Я что-то понял. Жизнь есть преступленье.
Жить — это причинять всем ближним боль.
Мы даже на тропинке где-нибудь,
не думая об этом, убиваем
ни в чем не виноватых муравьев,
а на дороге жизни — наших ближних,
совсем не злоумышленно — невольно,
идя по их невидимым телам.
Так больно причинять другому боль!
Когда осознаешь, что жить — жестоко,
гуманней не родиться вообще.
Но что же делать, если ты родился?
Гуманнее всего — убить себя.
Убить себя, чтобы не быть убийцей.
Простите все, кого я убивал,
прочтите мой дневник — и вы поймете,
что получалось это поневоле,
что никого из вас не ненавидел,
что никого из вас не предал я,
что всех я вас любил и всех люблю,
и тем, что ухожу, — вам выражаю
мою любовь непонятую к вам…»
Потом он аккуратно вымыл кисти,
дневник оставил на столе раскрытым,
надел спокойно чистую рубашку
и плавки с улыбавшимся пингвином
засунул в целлофановый пакет
и, уходя, приблизился прощально
к арбузу, что алел кровавой раной
под хищными ножами на холсте,
и морды на холсте перемигнулись,
и на прощанье, словно издеваясь,
самодовольно звякнул телефон.
По городу Энрике шел вслепую,
глаза в асфальт мелькающий уставив,
и не заметил целеустремленность
глаз, желваков на морде генерала,
возможно, генерала Пиночета,
за стеклами промчавшегося «форда»,
едва не раздавившего его.
Энрике шел к гостинице «Каррера».
Раскрылись двери с фотоэлементом,
гостеприимно приглашая к смерти,
и в кондиционированном лифте
нажал на кнопку с цифрой «23».
Красиво расположенный на крыше,
мерцал бассейн, чуть отдававший хлором.
Вокруг тела в рискованных бикини
лежали на матрасах надувных,
посасывая медленно «Том Коллинз».
Энрике стало легче оттого,
что все вокруг болтали и смеялись —
ведь чей-то смех для нас порой бывает
той самою последнею зацепкой,
что нам не разрешает умереть.
Но все-таки, к несчастью, невозможно
цепляться за соломинки коктейлей
в чужих, фальшиво занятых руках.
Переодевшись в крошечной кабине,
Энрике вышел и в бассейн спустился.
Почти не плавал.
На спине лежал,
раскинув руки, но со всех сторон
его чужие руки задевали,
мешая небу посмотреть в глаза,
и, как нарочно, влево или вправо
его толкали люди даже здесь.
Бассейн покинув, с каплями на коже,
под солнцем высыхающими сразу,
он постоял чуть-чуть у края крыши
и, смуглой, жестко собранной спиною
услышав: «How handsom!

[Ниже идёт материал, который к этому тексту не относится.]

Theorem mainTheorem8 (Alph : finType) (a0 : Alph) (R : realType)
    (th : Alph -> seq (seq Alph)) :
  is_rsubst th ->
  primitive_rs th ->
  geom_compatible R th ->
  recognisable th ->
  forall (mu : probability (SS Alph a0) R) (P : Alph -> seq Alph -> R),
  inM th mu ->
  prob_choice th P ->
  [/\ (forall nu : probability (SS Alph a0) R,
         inM th nu -> desub_eq th nu mu -> inMP th P nu ->
         forall a, Rvec nu a = (lamP th mu P)^-1 * \sum_(b : Alph) MP th P a b * Rvec mu b),
      (forall nu : probability (SS Alph a0) R,
         is_transfer th mu P nu ->
         [/\ inM th nu, desub_eq th nu mu, inMP th P nu &
             forall a, Rvec nu a = (lamP th mu P)^-1 * \sum_(b : Alph) MP th P a b * Rvec mu b])
    & (forall mu' : probability (SS Alph a0) R, inM th mu' ->
         (forall a, Rvec mu a = Rvec mu' a) ->
         forall nu nu' : probability (SS Alph a0) R,
           is_transfer th mu P nu -> is_transfer th mu' P nu' ->
           forall a, Rvec nu a = Rvec nu' a)].
Proof.
move=> rs _ _ rec mu P _ hP.
split=> [nu hnu hd hM|nu ht|mu' _ hR nu nu' ht ht' a].
- exact: (Rvec_desub rs rec hnu hd hM).
- have [hnu hd hM] := transfer_fibre rs rec hP ht.
  by split=> //; exact: (Rvec_desub rs rec hnu hd hM).
have [hnu hd hM] := transfer_fibre rs rec hP ht.
have [hnu' hd' hM'] := transfer_fibre rs rec hP ht'.
rewrite (Rvec_desub rs rec hnu hd hM) (Rvec_desub rs rec hnu' hd' hM') (lamP_Rvec th P hR).
by congr (_ * _); apply: eq_bigr => b _; rewrite hR.
Qed.
Lemma qpoly_onto_subspace (V : {vspace L}) : exists Q : {poly L},
  size Q = (m - \dim V).+1 /\ forall x, qeval Q x \in V.
Proof.
have [PV [size_PV ker_PV]] := subspace_poly V.
have nzPV : PV != 0 by rewrite -size_poly_gt0 size_PV.
have m_gt0 : (0 < m)%N := adim_gt0 {:L}%AS.
have dimV_le : (\dim V <= m)%N by rewrite dimvS ?subvf.
pose Z : {poly L} := 'X^m - 1.
have Z0 x : qeval Z x = 0.
  by rewrite qevalB -['X^m]mul1r qevalMXn -polyC1 !qevalC !mul1r frob_dim subrr.
have [Q [R [def_Z size_R]]] := qpoly_ldiv nzPV Z.
have dim_img : \dim (qlin PV @: fullv) = (m - \dim V)%N.
  by rewrite -(limg_ker_dim (qlin PV) fullv) capfv ker_PV addKn.
have R0 : R = 0.
  apply: (@qpoly_small_image_eq0 _ (qlin PV @: fullv)); last by rewrite dim_img; lia.
  move=> x; have /eqP := Z0 x; rewrite def_Z qevalD qeval_qcomp addrC addr_eq0 => /eqP->.
  by rewrite rpredN -qlinE memv_img ?memvf.
rewrite R0 addr0 in def_Z.
have nzQ : Q != 0 by apply: contra_eq_neq def_Z => ->; rewrite qcomp0r -size_poly_gt0 size_XnsubC.
exists Q; split.
  have [size_Z _] := size_lead_coef_qcomp nzPV nzQ.
  by move: size_Z; rewrite -def_Z size_XnsubC // size_PV; lia.
by move=> x; rewrite -ker_PV memv_ker qlinE -qeval_qcomp -def_Z Z0.
Qed.

Lemma gabidulin_cap_subspace n (g : n.-tuple L) (k : nat) (V : {vspace L})
    (Q : {poly L}) :
  <<g>>%VS = fullv -> Q != 0 -> ((size Q).-1 + \dim V)%N = m ->
  (forall x, qeval Q x \in V) ->
  forall c : 'rV[L]_n,
    (in_gabidulin g k c /\ (forall j, c 0 j \in V)) <->
    (exists A : {poly L},
        qdeg_lt A (k%:Z - ((size Q).-1)%:Z) /\
        c = \row_j qeval Q (qeval A (tnth g j))).
Proof.
move=> span_g nzQ dim_QV QV c; split.
  move=> [[P [deg_P ->]] cV].
  have [A [R [def_P size_R]]] := qpoly_ldiv nzQ P.
  have R_g : (qlin R @: <<g>> <= V)%VS.
    rewrite limg_span; apply/span_subvP => _ /mapP[_ /tnthP[j ->] ->].
    rewrite qlinE -(addKr (qeval Q (qeval A (tnth g j))) (qeval R _)).
    by rewrite memvD ?memvN //; have := cV j; rewrite mxE def_P qevalD qeval_qcomp.
  have R0 : R = 0.
    apply: (@qpoly_small_image_eq0 _ V); last by rewrite -dim_QV; lia.
    by move=> x; rewrite -qlinE (subvP R_g) // span_g memv_img ?memvf.
  rewrite R0 addr0 in def_P; exists A; split.
    by rewrite -qdeg_lt_qcomp // -def_P.
  by apply/rowP => j; rewrite !mxE def_P qeval_qcomp.
move=> [A [deg_A ->]]; split; last by move=> j; rewrite mxE.
exists (qcomp Q A); split; first by rewrite qdeg_lt_qcomp.
by apply/rowP => j; rewrite !mxE qeval_qcomp.
Qed.

End QPolynomials.

Theorem mainTheorem4 (F : finFieldType) (L : fieldExtType F) (n : nat)
    (g : n.-tuple L) (k s : nat) (V : {vspace L}) :
  n = \dim {: L}%VS ->
  free g ->
  (1 <= k <= n)%N ->
  \dim V = s ->
  (0 < s < \dim {: L}%VS)%N ->
  exists Q : {poly L},
    qdeg_eq Q (\dim {: L}%VS - s)%N /\
    forall c : 'rV[L]_n,
      (in_gabidulin g k c /\ (forall j, c 0 j \in V)) <->
      (exists A : {poly L},
          qdeg_lt A (k%:Z - ((\dim {: L}%VS)%:Z - s%:Z)) /\
          c = \row_j qeval Q (qeval A (tnth g j))).
Proof.
move=> dim_n free_g _ dim_V _.
have span_g : <<g>>%VS = fullv.
  by apply/eqP; rewrite eqEdim subvf (eqP free_g) size_tuple dim_n /=.
have [Q [size_Q QV]] := qpoly_onto_subspace V.
have nzQ : Q != 0 by rewrite -size_poly_gt0 size_Q.
have dimV_le : (s <= \dim {:L})%N by rewrite -dim_V dimvS ?subvf.
exists Q; split; first by rewrite /qdeg_eq nzQ size_Q dim_V /=.
have -> : k%:Z - ((\dim {:L})%:Z - s%:Z) = k%:Z - ((size Q).-1)%:Z.
  by rewrite size_Q dim_V /=; lia.
by apply: gabidulin_cap_subspace => //; rewrite size_Q dim_V /=; lia.
Qed.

Charming boy!» —
легко перемахнул через перила,
легко от кромки крыши оттолкнулся
и прыгнул, как с трамплина в воду, вниз.
Летел он долго, как ему казалось.
Так приближался медленно асфальт,
что он успел заметить на асфальте
серебряную россыпь голубей,
и понял, что летит на них, но поздно.
Он зацепился за какой-то провод,
и за второй, и сразу же за третий,
обжегший его тело напоследок
предсмертной электрическою пыткой,
но оборвались эти провода,
поняв, что оказался ток смертелен.
Случайно получилось, что Энрике
не на земле, а в воздухе погиб,
и, падая уже на мостовую,
так не хотевший в жизни быть убийцей,
он мертвым телом голубя убил.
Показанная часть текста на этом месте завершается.